Show every line in the material below in which the string "with" appears.
◇ ◇ ◇ ◇ ◇
(* Let $R$ be a Noetherian ring (in particular, $R=S=K[x_1,\dots,x_n]$ with $I$ homogeneous), $I\subset R$ an ideal generated by $f_1,\dots,f_m$, and $s,t\in\mathbb{N}$. Then $$Z_s(I,Z_t(I,R))=Z_t(I,Z_s(I,R)),$$ where both sides are regarded as subsets of $\bigwedge^s F\otimes_R \bigwedge^t F$ (the right-hand side via the canonical identification $\bigwedge^t F\otimes\bigwedge^s F\cong \bigwedge^s F\otimes\bigwedge^t F$).
   Context: $F=R^m$ with basis $e_1,\dots,e_m$ and $\phi:F\to R$, $\phi(e_i)=f_i$. The Koszul complex $K(I,R)=\bigwedge^\bullet F$ has differential induced by $\phi$; for an $R$-module $N$, $K(I,N)=\bigwedge^\bullet F\otimes_R N$ with differential $\phi\otimes \mathrm{id}_N$, and $Z_t(I,N)$ denotes its module of cycles in homological position $t$. Since $Z_t(I,R)\subset\bigwedge^t F$ and $\bigwedge^s F$ is free, $Z_s(I,Z_t(I,R))\subset \bigwedge^s F\otimes Z_t(I,R)\subset \bigwedge^s F\otimes\bigwedge^t F$, and similarly for the other side. *)

From mathcomp Require Import all_boot all_order all_algebra.
Set Implicit Arguments. Unset Strict Implicit. Unset Printing Implicit Defensive.
Import GRing.Theory.
Local Open Scope ring_scope.

Definition is_ideal (R : comRingType) (J : R -> Prop) : Prop :=
  [/\ J 0, (forall x y, J x -> J y -> J (x + y)) & (forall r x, J x -> J (r * x))].

Definition noetherian (R : comRingType) : Prop :=
  forall C : nat -> R -> Prop,
    (forall n, is_ideal (C n)) ->
    (forall n x, C n x -> C n.+1 x) ->
    exists N, forall n, (N <= n)%N -> forall x, C n x <-> C N x.

(* Exterior algebra of F = R^m : an element is given by its coordinates on
   the basis e_A = e_{a_1} /\ ... /\ e_{a_k} (a_1 < ... < a_k), A : {set 'I_m}.
   It lies in \bigwedge^t F iff it is supported on sets of cardinality t. *)
Definition wedge (R : comRingType) (m : nat) := {set 'I_m} -> R.

Definition homog (R : comRingType) m (t : nat) (x : wedge R m) : Prop :=
  forall A : {set 'I_m}, #|A| != t -> x A = 0.

(* Koszul differential induced by phi(e_i) = f_i:
   d(e_{a_1}/\.../\e_{a_k}) = sum_k (-1)^(k-1) f_{a_k} e_{A \ a_k},
   in coordinates (d x)(B) = sum_{j notin B} (-1)^#{i in B | i < j} f_j x(B u {j}). *)
Definition kdiff (R : comRingType) m (f : 'I_m -> R) (x : wedge R m) : wedge R m :=
  fun B => \sum_(j < m | j \notin B)
             (-1) ^+ #|[set i in B | (i < j)%N]| * f j * x (j |: B).

Definition Zcyc (R : comRingType) m (f : 'I_m -> R) (t : nat) (x : wedge R m) : Prop :=
  homog t x /\ forall B, kdiff f x B = 0.

(* For a submodule N (given as a predicate) of a module of coordinate
   functions T -> R, K(I,N)_s = \bigwedge^s F (x) N is identified with the
   families (w A)_A of elements of N indexed by the basis e_A, |A| = s
   (this is the inclusion \bigwedge^s F (x) N \subset \bigwedge^s F (x) M,
   valid since \bigwedge^s F is free).  Z_s(I,N) are those with
   (phi (x) id_N) w = 0, i.e. the Koszul differential applied in the first
   factor vanishes. *)
Definition ZcycN (R : comRingType) m (f : 'I_m -> R) (T : Type)
    (N : (T -> R) -> Prop) (s : nat) (w : {set 'I_m} -> T -> R) : Prop :=
  [/\ forall A : {set 'I_m}, #|A| != s -> forall y, w A y = 0,
      forall A, N (w A)
    & forall B y, kdiff f (fun A => w A y) B = 0].

From mathcomp Require Import all_boot all_order all_algebra.

Set Implicit Arguments. Unset Strict Implicit. Unset Printing Implicit Defensive.
Local Open Scope ring_scope.

(* Because \bigwedge^s F is free, an element of \bigwedge^s F (x) Z_t(I,R) is a
   family of coordinates in Z_t(I,R), so Z_s(I,Z_t(I,R)) consists of the w in
   \bigwedge^s F (x) \bigwedge^t F of bidegree (s,t) killed by both d (x) 1 and
   1 (x) d.  This description is symmetric under the swap of the two factors. *)

Definition Zbicyc (R : comNzRingType) m (f : 'I_m -> R) (s t : nat)
    (w : {set 'I_m} -> {set 'I_m} -> R) : Prop :=
  [/\ forall A : {set 'I_m}, #|A| != s -> forall B, w A B = 0,
      forall B : {set 'I_m}, #|B| != t -> forall A, w A B = 0,
      forall B C, kdiff f (fun A => w A B) C = 0
    & forall A C, kdiff f (w A) C = 0].

Lemma ZcycN_ZcycE (R : comNzRingType) m (f : 'I_m -> R) (s t : nat)
    (w : {set 'I_m} -> {set 'I_m} -> R) :
  ZcycN f (Zcyc f t) s w <-> Zbicyc f s t w.
Proof.
split.
- case=> homA inZt cycA; split=> //.
  + by move=> B hB A; case: (inZt A) => homB _; exact: homB.
  + by move=> A C; case: (inZt A) => _ cycB; exact: cycB.
- case=> homA homB cycA cycB; split=> // A.
  by split=> [B hB | C]; [exact: homB | exact: cycB].
Qed.

Lemma Zbicyc_swap (R : comNzRingType) m (f : 'I_m -> R) (s t : nat)
    (w : {set 'I_m} -> {set 'I_m} -> R) :
  Zbicyc f s t w <-> Zbicyc f t s (fun B A => w A B).
Proof. by split=> -[homA homB cycA cycB]; split. Qed.

Theorem lemma1p2 (R : comRingType) (m : nat) (f : 'I_m -> R) (s t : nat) :
  noetherian R ->
  forall w : {set 'I_m} -> {set 'I_m} -> R,
    ZcycN f (Zcyc f t) s w <-> ZcycN f (Zcyc f s) t (fun B A => w A B).
Proof.
move=> _ w.
apply: (iff_trans (ZcycN_ZcycE f s t w)).
apply: (iff_trans (Zbicyc_swap f s t w)).
exact: iff_sym (ZcycN_ZcycE f t s _).
Qed.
◇ ◇ ◇ ◇ ◇
• [Expected output]
(* Let $R$ be a Noetherian ring (in particular, $R=S=K[x_1,\dots,x_n]$ with $I$ homogeneous), $I\subset R$ an ideal generated by $f_1,\dots,f_m$, and $s,t\in\mathbb{N}$. Then $$Z_s(I,Z_t(I,R))=Z_t(I,Z_s(I,R)),$$ where both sides are regarded as subsets of $\bigwedge^s F\otimes_R \bigwedge^t F$ (the right-hand side via the canonical identification $\bigwedge^t F\otimes\bigwedge^s F\cong \bigwedge^s F\otimes\bigwedge^t F$).
   Context: $F=R^m$ with basis $e_1,\dots,e_m$ and $\phi:F\to R$, $\phi(e_i)=f_i$. The Koszul complex $K(I,R)=\bigwedge^\bullet F$ has differential induced by $\phi$; for an $R$-module $N$, $K(I,N)=\bigwedge^\bullet F\otimes_R N$ with differential $\phi\otimes \mathrm{id}_N$, and $Z_t(I,N)$ denotes its module of cycles in homological position $t$. Since $Z_t(I,R)\subset\bigwedge^t F$ and $\bigwedge^s F$ is free, $Z_s(I,Z_t(I,R))\subset \bigwedge^s F\otimes Z_t(I,R)\subset \bigwedge^s F\otimes\bigwedge^t F$, and similarly for the other side. *)
   functions T -> R, K(I,N)_s = \bigwedge^s F (x) N is identified with the
   valid since \bigwedge^s F is free).  Z_s(I,N) are those with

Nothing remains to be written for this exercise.